The generation results for clerical calligraphy are shown in Figure 9. In the comparative experiment, the calligraphy characters generated using AGGAN suffer from noticeably thin strokes, which results in a lack of the solidity characteristic of clerical script. The calligraphy characters generated using StarGAN-v2 have a low stylistic similarity to the authentic ones. The calligraphy characters generated using pix2pix have problems with missing and distorted strokes. CycleGAN generates calligraphy characters with redundant strokes. In contrast, the calligraphy characters generated using the proposed model have clear strokes and complete structures. It has a slightly flattened structure and long horizontal strokes with short vertical ones, and is more similar in style and detail to the authentic characters.

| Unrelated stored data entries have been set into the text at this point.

(* If $t\in[0,1/2]$, then $w(t,a)/W(t,a)\le \frac{68-5\sqrt{10}}{72}$ for all $a\in[(3t+2)/4,2]$.
   Context: For $(t,a)\in\mathbb R^2$ define $w_1(t,a)=(2t+3)a-(3t^2/4+t)$, $w_2(t,a)=(4t+4)a-(3t^2/2+2t+2)$, $w_3(t,a)=8ta-(3t^2+4t-4)$, $W(t,a)=[(t+2)a-(t^2/2+t)](t+2)$, and $w(t,a)=\min\{w_1(t,a),w_2(t,a),w_3(t,a)\}$. *)

From Stdlib Require Import Reals.
Open Scope R_scope.

Definition w1 (t a : R) : R := (2*t+3)*a - (3*t^2/4 + t).
Definition w2 (t a : R) : R := (4*t+4)*a - (3*t^2/2 + 2*t + 2).
Definition w3 (t a : R) : R := 8*t*a - (3*t^2 + 4*t - 4).
Definition WW (t a : R) : R := ((t+2)*a - (t^2/2 + t)) * (t+2).
Definition w (t a : R) : R := Rmin (w1 t a) (Rmin (w2 t a) (w3 t a)).

From Stdlib Require Import Reals Lra Psatz.
Open Scope R_scope.

(* For fixed t, both w and c W are piecewise affine in a, where c is the
   claimed bound: each w_i - c W is affine in a, w_2 - c W is increasing while
   w_3 - c W (and, for t >= t0 := (14 - 4 sqrt 10)/9, also w_1 - c W) is
   decreasing.  The minimum of an increasing and a decreasing affine function
   is at most its value where the two cross, so it suffices that w_2 - c W is
   nonpositive at the crossing point with w_3 (for t <= t0) or with w_1 (for
   t >= t0).  Up to a positive factor these crossing values are quartics in t
   vanishing at t0, where w_1, w_2, w_3 cross simultaneously and the bound is
   attained. *)

Lemma opposite_slopes_nonpos (p q u v : R) :
  0 <= p -> q <= 0 -> v <= 0 -> p * u + v <= 0 \/ q * u + v <= 0.
Proof. intros Hp Hq Hv; destruct (Rle_or_lt u 0); [left | right]; nra. Qed.

Lemma w_le_w1 (t a : R) : w t a <= w1 t a.
Proof. apply Rmin_l. Qed.

Lemma w_le_w2 (t a : R) : w t a <= w2 t a.
Proof. eapply Rle_trans; [apply Rmin_r | apply Rmin_l]. Qed.

Lemma w_le_w3 (t a : R) : w t a <= w3 t a.
Proof. eapply Rle_trans; [apply Rmin_r | apply Rmin_r]. Qed.

Lemma WW_pos (t a : R) : 0 <= t -> (3*t+2)/4 <= a -> 0 < WW t a.
Proof. intros Ht Ha; unfold WW; nra. Qed.

(* w2 t a = w3 t a iff (4 - 4t) a = crossing23 t,
   and w1 t a = w2 t a iff (1 + 2t) a = crossing12 t. *)
Definition crossing23 (t : R) : R := 6 - 2*t - 3/2*t^2.
Definition crossing12 (t : R) : R := 2 + t + 3/4*t^2.

Section CrossingBound.

Variable s : R.
Hypothesis s_sq : s * s = 10.
Hypothesis s_pos : 0 < s.

Let c : R := (68 - 5*s) / 72.
Let t0 : R := (14 - 4*s) / 9.

Lemma s_between : 3.16 < s < 3.163.
Proof. split; nra. Qed.

Definition slope1 (t : R) : R := 2*t + 3 - c * (t+2)^2.
Definition slope2 (t : R) : R := 4*t + 4 - c * (t+2)^2.
Definition slope3 (t : R) : R := 8*t - c * (t+2)^2.

Definition q23 (t : R) : R :=
  (20/3 + 5/6*s) + (-31/9 - 29/36*s)*t + (1 + s/8)*t^2 + (-17/36 + 5/144*s)*t^3.
Definition q12 (t : R) : R :=
  (-1/9 - 7/18*s) + (5/6 - 11/24*s)*t + (11/12 - s/6)*t^2 + (17/72 - 5/288*s)*t^3.

Lemma slope2_nonneg (t : R) : 0 <= t <= 1/2 -> 0 <= slope2 t.
Proof. pose proof s_between; intros; unfold slope2, c; nra. Qed.

Lemma slope3_nonpos (t : R) : 0 <= t <= 1/2 -> slope3 t <= 0.
Proof. pose proof s_between; intros; unfold slope3, c; nra. Qed.

Lemma slope1_nonpos (t : R) : t0 <= t <= 1/2 -> slope1 t <= 0.
Proof.
  intros [Ht0 Ht1]; pose proof s_between as [Hs0 Hs1].
  assert (Hdecr : slope1 t <= slope1 t0).
  { assert (Hc : 2 <= c * (t + t0 + 4)) by (unfold c, t0 in *; nra).
    assert (E : slope1 t - slope1 t0 = (t - t0) * (2 - c * (t + t0 + 4)))
      by (unfold slope1; ring).
    nra. }
  assert (slope1 t0 < 0) by (unfold slope1, t0, c; nra).
  lra.
Qed.

Lemma q23_nonneg (t : R) : 0 <= t <= 1/2 -> 0 <= q23 t.
Proof.
  intros Ht; pose proof s_between.
  assert (0 <= t^2 <= 1/4) by nra.
  assert (0 <= t^3 <= 1/8) by nra.
  unfold q23; nra.
Qed.

Lemma q12_nonpos (t : R) : 0 <= t <= 1/2 -> q12 t <= 0.
Proof.
  intros Ht; pose proof s_between.
  assert (0 <= t^2 <= 1/4) by nra.
  assert (0 <= t^3 <= 1/8) by nra.
  unfold q12; nra.
Qed.

(* As polynomial identities in s these hold only modulo s^2 - 10; the
   multiple of s^2 - 10 is made explicit. *)
Lemma crossing23_value (t : R) :
  slope2 t * crossing23 t + (4 - 4*t) * (w2 t 0 - c * WW t 0) = (t - t0) * q23 t.
Proof.
  transitivity ((t - t0) * q23 t
    + (s*s - 10) * (-10/27 + 29/81*t - 1/18*t^2 - 5/324*t^3)).
  - unfold slope2, crossing23, w2, WW, q23, t0, c; field.
  - rewrite s_sq; ring.
Qed.

Lemma crossing12_value (t : R) :
  slope2 t * crossing12 t + (1 + 2*t) * (w2 t 0 - c * WW t 0) = (t - t0) * q12 t.
Proof.
  transitivity ((t - t0) * q12 t
    + (s*s - 10) * (14/81 + 11/54*t + 2/27*t^2 + 5/648*t^3)).
  - unfold slope2, crossing12, w2, WW, q12, t0, c; field.
  - rewrite s_sq; ring.
Qed.

Lemma w_le_bound_below_t0 (t a : R) : 0 <= t <= t0 -> w t a <= c * WW t a.
Proof.
  intros Ht.
  assert (Ht' : 0 <= t <= 1/2) by (pose proof s_between; unfold t0 in *; lra).
  set (u := (4 - 4*t) * a - crossing23 t).
  assert (E2 : (4 - 4*t) * (w2 t a - c * WW t a) = slope2 t * u + (t - t0) * q23 t).
  { rewrite <- crossing23_value; unfold u, slope2, crossing23, w2, WW; field. }
  assert (E3 : (4 - 4*t) * (w3 t a - c * WW t a) = slope3 t * u + (t - t0) * q23 t).
  { rewrite <- crossing23_value; unfold u, slope2, slope3, crossing23, w2, w3, WW; field. }
  assert (Hv : (t - t0) * q23 t <= 0) by (pose proof (q23_nonneg t Ht'); nra).
  destruct (opposite_slopes_nonpos (slope2 t) (slope3 t) u _
              (slope2_nonneg t Ht') (slope3_nonpos t Ht') Hv) as [H | H].
  - pose proof (w_le_w2 t a); nra.
  - pose proof (w_le_w3 t a); nra.
Qed.

Lemma w_le_bound_above_t0 (t a : R) : t0 <= t <= 1/2 -> w t a <= c * WW t a.
Proof.
  intros Ht.
  assert (Ht' : 0 <= t <= 1/2) by (pose proof s_between; unfold t0 in *; lra).
  set (u := (1 + 2*t) * a - crossing12 t).
  assert (E2 : (1 + 2*t) * (w2 t a - c * WW t a) = slope2 t * u + (t - t0) * q12 t).
  { rewrite <- crossing12_value; unfold u, slope2, crossing12, w2, WW; field. }
  assert (E1 : (1 + 2*t) * (w1 t a - c * WW t a) = slope1 t * u + (t - t0) * q12 t).
  { rewrite <- crossing12_value; unfold u, slope1, slope2, crossing12, w1, w2, WW; field. }
  assert (Hv : (t - t0) * q12 t <= 0) by (pose proof (q12_nonpos t Ht'); nra).
  destruct (opposite_slopes_nonpos (slope2 t) (slope1 t) u _
              (slope2_nonneg t Ht') (slope1_nonpos t Ht) Hv) as [H | H].
  - pose proof (w_le_w2 t a); nra.
  - pose proof (w_le_w1 t a); nra.
Qed.

Lemma w_le_scaled_WW (t a : R) : 0 <= t <= 1/2 -> w t a <= (68 - 5*s) / 72 * WW t a.
Proof.
  intros Ht; destruct (Rle_or_lt t t0).
  - apply w_le_bound_below_t0; lra.
  - apply w_le_bound_above_t0; lra.
Qed.

End CrossingBound.

Theorem lemmaA8 (t a : R) :
  0 <= t <= 1/2 -> (3*t+2)/4 <= a <= 2 ->
  w t a / WW t a <= (68 - 5 * sqrt 10) / 72.
Proof.
  intros Ht [Ha _].
  assert (Hs : sqrt 10 * sqrt 10 = 10) by (apply sqrt_sqrt; lra).
  assert (Hs0 : 0 < sqrt 10) by (apply sqrt_lt_R0; lra).
  pose proof (WW_pos t a (proj1 Ht) Ha) as HW.
  apply (Rmult_le_reg_r (WW t a)); [exact HW |].
  replace (w t a / WW t a * WW t a) with (w t a) by (field; lra).
  exact (w_le_scaled_WW (sqrt 10) Hs Hs0 t a Ht).
Qed.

Figure 9. Comparison on clerical script generation (The Chinese characters from upper to lower lines are named You, Xin, Jian, Mu, Jiao, Yin, Shi, and Niao, respectively. The red squares are used for comparison of details). (a) Printed characters. (b) AGGAN. (c) StarGAN-v2. (d) pix2pix. (e) CycleGAN. (f) Ours. (g) Authentic ones.
Figure 9. Comparison on clerical script generation (The Chinese characters from upper to lower lines are named You, Xin, Jian, Mu, Jiao, Yin, Shi, and Niao, respectively. The red squares are used for comparison of details). (a) Printed characters. (b) AGGAN. (c) StarGAN-v2. (d) pix2pix. (e) CycleGAN. (f) Ours. (g) Authentic ones.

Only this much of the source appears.